Politics is actually quite relevant to investing. Government actions such as setting taxes and tariffs, administering justice, choosing the balance between state and private spending and regulating markets all have large effects on investors. Being in or out of the Eurozone and the EU itself, immigration policy, education policy, budget policy - note the recurrent word policy - all impact upon our economic destiny.

Usually those who call for "keeping politics out of it" are actually small and large "C" conservatives who truly believe that their own ideas are so self-evidently correct that anyone and everyone with different ideas is being perverse. Others may beg to differ and call for evidence based reasoning.

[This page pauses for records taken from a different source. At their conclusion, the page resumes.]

(* Let $M$ be any infinite subset of a finite-dimensional real Banach space (viewed as a pointed metric space with the induced metric) and let $Y$ be an infinite-dimensional real Banach space. Then $\mathrm{A}(M,Y)\subsetneqq\mathrm{Lip}_0(M,Y)$.
   Context: Throughout, metric spaces are complete and pointed, with a base point $0$. $\mathrm{Lip}_0(M,Y)$ is the Banach space of Lipschitz maps $f:M\to Y$ with $f(0)=0$, normed by $\|f\|=\sup_{p\neq q}\|f(p)-f(q)\|/d(p,q)$. A map $f$ attains its norm toward $y\in Y$ if there is a sequence $(p_n,q_n)$ in $M\times M$ with $p_n\neq q_n$ such that $[f(p_n)-f(q_n)]/d(p_n,q_n)\to y$ and $\|y\|=\|f\|$; $\mathrm{A}(M,Y)$ is the set of $f$ attaining their norm toward some vector. *)

From HB Require Import structures.
From mathcomp Require Import all_boot all_order all_algebra.
From mathcomp Require Import all_classical all_reals all_analysis.
Set Implicit Arguments. Unset Strict Implicit. Unset Printing Implicit Defensive.
Import Order.TTheory GRing.Theory Num.Theory.
Import numFieldNormedType.Exports.
Local Open Scope classical_set_scope.
Local Open Scope ring_scope.

Definition finite_dim (R : realType) (X : normedModType R) : Prop :=
  exists (n : nat) (e : 'I_n -> X),
    forall x : X, exists c : 'I_n -> R, x = \sum_(i < n) c i *: e i.

(* Maps are represented
   by functions X -> Y; only their values on M matter. *)
Definition Lip0 (R : realType) (X Y : normedModType R) (M : set X) (b : X)
  : set (X -> Y) :=
  [set f | f b = 0 /\
     exists L : R, forall p q, M p -> M q -> `|f p - f q| <= L * `|p - q| ].

Definition slopes (R : realType) (X Y : normedModType R) (M : set X)
  (f : X -> Y) : set R :=
  [set r | exists p q, [/\ M p, M q, p <> q & r = `|f p - f q| / `|p - q| ] ].

Definition lipnorm (R : realType) (X Y : normedModType R) (M : set X)
  (f : X -> Y) : R := sup (slopes M f).

Definition attains_toward (R : realType) (X Y : normedModType R) (M : set X)
  (f : X -> Y) (y : Y) : Prop :=
  `|y| = lipnorm M f /\
  exists p q : nat -> X,
    (forall n, [/\ M (p n), M (q n) & p n <> q n]) /\
    (fun n => (`|p n - q n|)^-1 *: (f (p n) - f (q n))) @ \oo --> y.

Definition NA (R : realType) (X Y : normedModType R) (M : set X) (b : X)
  : set (X -> Y) :=
  [set f | Lip0 M b f /\ exists y : Y, attains_toward M f y].

From HB Require Import structures.
From mathcomp Require Import all_boot all_order all_algebra.
From mathcomp Require Import all_classical all_reals all_analysis.
From mathcomp Require Import lra.
Set Implicit Arguments. Unset Strict Implicit. Unset Printing Implicit Defensive.
Import Order.TTheory GRing.Theory Num.Theory.
Import numFieldNormedType.Exports.
Local Open Scope classical_set_scope.
Local Open Scope ring_scope.

(* Riesz's lemma yields unit vectors u_n in Y, each at distance at least 1/2
   from the span of the previous ones.  An infinite closed subset M of a
   finite-dimensional space is either unbounded or has an accumulation point
   c in M; either way M contains points x_n whose distances t_n to c are
   lacunary.  On disjoint balls around the x_n place cones of slope amp n
   pointing along u_n, where amp n = 1 - 2^-(n+1) increases to 1.  Every
   difference quotient of this map lies within slack n of a multiple of a
   single u_n with coefficient at most amp n, while the quotient between
   x_(n+1) and c exceeds amp n + slack n.  Hence difference quotients whose
   norms tend to the Lipschitz norm must use infinitely many axes, and the
   1/2-separation of the u_n prevents them from converging. *)

Section Sequences.
Variable R : realType.

Lemma increasing_seq_ge (phi : nat -> nat) :
  increasing_seq phi -> forall n, (n <= phi n)%N.
Proof.
move/increasing_seqP => phiS; elim=> [//|n IH].
exact: leq_ltn_trans IH (phiS n).
Qed.

Lemma increasing_seq_comp (phi psi : nat -> nat) :
  increasing_seq phi -> increasing_seq psi -> increasing_seq (phi \o psi).
Proof. by move=> iphi ipsi m n /=; rewrite iphi; apply: ipsi. Qed.

Lemma cvg_subseq (V : normedModType R) (w : nat -> V) (z : V) (phi : nat -> nat) :
  increasing_seq phi -> w @ \oo --> z -> w \o phi @ \oo --> z.
Proof.
move=> iphi; apply: cvg_comp => P [N _ NP]; exists N => // n /= Nn.
exact/NP/(leq_trans Nn)/increasing_seq_ge.
Qed.

Lemma cvgn_unique (V : normedModType R) (w : nat -> V) (z z' : V) :
  w @ \oo --> z -> w @ \oo --> z' -> z = z'.
Proof. exact: (cvg_unique (@norm_hausdorff _ V)). Qed.

Lemma cvg_harmonic_dist (V : normedModType R) (w : nat -> V) (z : V) :
  (forall k, `|z - w k| < harmonic k) -> w @ \oo --> z.
Proof.
move=> wz; apply/cvgrPdist_lt => e e0.
have /cvgrPdist_lt/(_ e e0) := @cvg_harmonic R; apply: filterS => k.
by rewrite sub0r normrN ger0_norm ?harmonic_ge0 //; apply: lt_trans (wz k).
Qed.

Lemma bolzano_weierstrass_real (t : nat -> R) (C : R) : (forall k, `|t k| <= C) ->
  exists2 phi, increasing_seq phi & exists T : R, t \o phi @ \oo --> T.
Proof.
move=> tC; have [|phi iphi tphi] := @bolzano_weierstrass _ t.
  exists C; split; first exact: num_real.
  by move=> D CD k _; apply: le_trans (tC k) (ltW CD).
by exists phi => //; exists (limn (t \o phi)).
Qed.

End Sequences.

Section FiniteDimension.
Variables (R : realType) (V : normedModType R).

Definition prefix_span (e : nat -> V) (n : nat) : set V :=
  [set v | exists c : nat -> R, v = \sum_(i < n) c i *: e i].

Definition bounded_seq_compact (S : set V) := forall (w : nat -> V) (B : R),
  (forall k, S (w k)) -> (forall k, `|w k| <= B) ->
  exists2 phi, increasing_seq phi & exists2 z, S z & w \o phi @ \oo --> z.

Lemma bounded_seq_compact_dist_gt0 (S : set V) (z : V) :
  bounded_seq_compact S -> ~ S z ->
  exists2 d, 0 < d & forall g, S g -> d <= `|z - g|.
Proof.
move=> Scpt Sz; apply: contrapT => nodist.
have near_z k : exists g, S g /\ `|z - g| < harmonic k.
  apply: contrapT => nog; apply: nodist; exists (harmonic k) => [|h Sh].
    exact: harmonic_gt0.
  by rewrite leNgt; apply/negP => hz; apply: nog; exists h.
have [g gP] := choice near_z.
have gz : g @ \oo --> z by apply: cvg_harmonic_dist => k; case: (gP k).
have gB k : `|g k| <= `|z| + 1.
  rewrite -[g k](subKr z) (le_trans (ler_normB _ _)) // lerD2l ltW //.
  by apply: lt_le_trans (gP k).2 _; rewrite invf_le1 // ler1n.
have [phi iphi [z' Sz' gz']] := Scpt g _ (fun k => (gP k).1) gB.
by apply: Sz; rewrite (cvgn_unique (cvg_subseq iphi gz) gz').
Qed.
(* With nothing on the left the sequent would bound all of A from above,
   which no normal equation expresses. *)
Definition normal_definable_upto m := forall I cs G J ds D, (sequent_size G D <= m)%N ->
  List.Forall C cs -> List.Forall C ds ->
  List.Forall (consts_in C) G -> List.Forall (consts_in C) D ->
  [|| I != [::], cs != [::] | ~~ nilp G] ->
  normal_definable (fun v => sequent v I cs G J ds D).

Lemma normal_definable_sequentL m : normal_definable_upto m -> forall I cs t G J ds D,
  (sequent_size (t :: G) D <= m.+1)%N -> List.Forall C cs -> List.Forall C ds ->
  consts_in C t -> List.Forall (consts_in C) G -> List.Forall (consts_in C) D ->
  normal_definable (fun v => sequent v I cs (t :: G) J ds D).
Proof.
move=> IH I cs t G J ds D + Ccs Cds; rewrite /sequent_size /=.
case: t => [i | c | | t1 t2 | t1 t2 | t1 t2] /= hm Ct CG CD.
- apply: (normal_definable_ext (fun v => sequent_varL v I cs i G J ds D)).
  by apply: IH; rewrite /sequent_size //= ?orbT; lia.
- apply: (normal_definable_ext (fun v => sequent_constL v I cs c G J ds D)).
  by apply: IH; rewrite /sequent_size //= ?orbT; try lia; constructor.
- by apply: normal_definable_true => v; exact: sequent_zeroL.
- apply: (normal_definable_ext (fun v => sequent_joinL v I cs t1 t2 G J ds D)).
  case: Ct => Ct1 Ct2.
  by apply: normal_definable_and; apply: IH; rewrite /sequent_size //= ?orbT;
    try lia; constructor.
- apply: (normal_definable_ext (fun v => sequent_meetL v I cs t1 t2 G J ds D)).
  case: Ct => Ct1 Ct2.
  by apply: IH; rewrite /sequent_size //= ?orbT; try lia; do !constructor.
- apply: (normal_definable_ext (fun v => sequent_diffL v I cs t1 t2 G J ds D)).
  case: Ct => Ct1 Ct2.
  by apply: IH; rewrite /sequent_size //= ?orbT; try lia; constructor.
Qed.

Lemma normal_definable_sequentR m : normal_definable_upto m -> forall I cs J ds t D,
  (sequent_size [::] (t :: D) <= m.+1)%N -> List.Forall C cs -> List.Forall C ds ->
  consts_in C t -> List.Forall (consts_in C) D -> (I != [::]) || (cs != [::]) ->
  normal_definable (fun v => sequent v I cs [::] J ds (t :: D)).
Proof.
move=> IH I cs J ds t D + Ccs Cds; rewrite /sequent_size /=.
case: t => [j | d | | t1 t2 | t1 t2 | t1 t2] /= hm Ct CD nonempty.
- apply: (normal_definable_ext (fun v => sequent_varR v I cs [::] J ds j D)).
  by apply: IH; rewrite /sequent_size //= ?orbF; lia.
- apply: (normal_definable_ext (fun v => sequent_constR v I cs [::] J ds d D)).
  by apply: IH; rewrite /sequent_size //= ?orbF; try lia; constructor.
- apply: (normal_definable_ext (fun v => sequent_zeroR v I cs [::] J ds D)).
  by apply: IH; rewrite /sequent_size //= ?orbF; lia.
- apply: (normal_definable_ext (fun v => sequent_joinR v I cs [::] J ds t1 t2 D)).
  case: Ct => Ct1 Ct2.
  by apply: IH; rewrite /sequent_size //= ?orbF; try lia; do !constructor.
- apply: (normal_definable_ext (fun v => sequent_meetR v I cs [::] J ds t1 t2 D)).
  case: Ct => Ct1 Ct2.
  by apply: normal_definable_and; apply: IH; rewrite /sequent_size //= ?orbF; try lia;
    constructor.
- apply: (normal_definable_ext (fun v => sequent_diffR v I cs [::] J ds t1 t2 D)).
  case: Ct => Ct1 Ct2.
  by apply: normal_definable_and; apply: IH; rewrite /sequent_size //= ?orbF ?orbT;
    try lia; constructor.
Qed.

Lemma term_size_gt0 t : (0 < term_size t)%N.
Proof. by case: t. Qed.

Lemma normal_definable_sequents m : normal_definable_upto m.
Proof.
elim: m => [|m IH] I cs [|t G] J ds [|u D] hm Ccs Cds CG CD nonempty;
  rewrite ?orbF in nonempty.
- exact: normal_definable_atom.
- by move: hm; rewrite /sequent_size /= addnC; have := term_size_gt0 u; lia.
- by move: hm; rewrite /sequent_size /=; have := term_size_gt0 t; lia.
- by move: hm; rewrite /sequent_size /=; have := term_size_gt0 t; lia.
- exact: normal_definable_atom.
- by case/List.Forall_cons_iff: CD => Cu CD; exact: (normal_definable_sequentR IH).
- by case/List.Forall_cons_iff: CG => Ct CG; exact: (normal_definable_sequentL IH).
- by case/List.Forall_cons_iff: CG => Ct CG; exact: (normal_definable_sequentL IH).
Qed.

Lemma normal_definable_eq t s : consts_in C t -> consts_in C s ->
  normal_definable (fun v => satisfies v (t, s)).
Proof.
move=> Ct Cs.
have eq_sequents v : satisfies v (t, s) <->
    sequent v [::] [::] [:: t] [::] [::] [:: s] /\
    sequent v [::] [::] [:: s] [::] [::] [:: t].
  rewrite !sequent_le /satisfies /=; split=> [-> | [ts st]]; first by rewrite lexx.
  by apply: le_anti; rewrite ts st.
by apply: (normal_definable_ext eq_sequents); apply: normal_definable_and;
  apply: normal_definable_sequents; do ?constructor.
Qed.
End Normalization.

(* Taking all normal equations implied by S avoids choosing a normal system
   for each equation of S. *)
Lemma normal_definable_solves (disp : Order.disp_t) (A : cbDistrLatticeType disp)
    (C : A -> Prop) n (S : system A n) :
  (forall e, S e -> normal_definable C (fun v => satisfies v e)) ->
  normal_definable C (fun v => solves v S).
Proof.
move=> Sdef; exists (fun e => normal_eqn C e /\ forall v, solves v S -> satisfies v e).
split=> [e [] // | v]; split=> [solS e [_ implied] | solN e Se]; first exact: implied.
have [N [NC defN]] := Sdef e Se.
apply/defN => e' Ne'; apply: solN; split=> [|w solSw]; first exact: NC.
exact: (proj1 (defN w)) (solSw e Se) e' Ne'.
Qed.

Theorem mainTheorem5 (disp : Order.disp_t) (A : cbDistrLatticeType disp)
    (C : A -> Prop) (hC : ershov_subalgebra C) (n : nat)
    (S : system A n) (hS : forall e, S e -> eqn_in_L C e) :
  exists S' : system A n,
    (forall e, S' e -> normal_eqn C e) /\ equivalent_systems S S'.
Proof.
case: hC => C_bot [C_join [C_meet C_diff]].
have [S' [S'C defS']] : normal_definable C (fun v => solves v S).
  apply: normal_definable_solves => -[t s] /hS[Ct Cs].
  exact: normal_definable_eq.
by exists S'.
Qed.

Petty, partisan politics, ill-tempered and uninformed debate and eretic arguments are generally undesirable.
John Coles
Posted: 17 November 2010 12:48:04(UTC)
#9

Joined: 16/09/2009(UTC)
Posts: 9

Quite. And if I want comment on political matters, then I will not come here to the Tony Bonsignore School of Journalism. On the other hand, I accept that you might find easy to digest the often puerile political comment on CityWire, so I'll withdraw my request in the interest of your personal development.
Mary Hamilton (Citywire)
Posted: 17 November 2010 13:13:12(UTC)
#10

Joined: 05/11/2010(UTC)
Posts: 61

Thanks for the feedback. What would you think of the idea of keeping political articles in a separate section, clearly marked, so that John could avoid it easily but Jeremy would still be able to read and comment on them?
John Coles
Posted: 17 November 2010 13:23:19(UTC)
#11

Joined: 16/09/2009(UTC)
Posts: 9

A kind offer but slightly puzzling - your expertise is financial and that's why I come here. You will win plaudits for your financial commentary and news, but would you ever do so for your political comment? Anyway, thanks for the thought, I'll stop commenting, it's time for me to have a lie-down in a darkened room.
Anonymous Post
Posted: 17 November 2010 14:27:43(UTC)
#12
Anonymous 1 needed this 'Off the Record'

Having registered with Citywire using my real name, it would be handy to be able to comment on forum sites and on articles using an alias rather than my real name. I appreciate that there is the "Off the record" facility, or that I could register again using an alias, but I can't see the point.
Jeremy Bosk
Posted: 17 November 2010 15:27:57(UTC)
#13

Joined: 09/06/2010(UTC)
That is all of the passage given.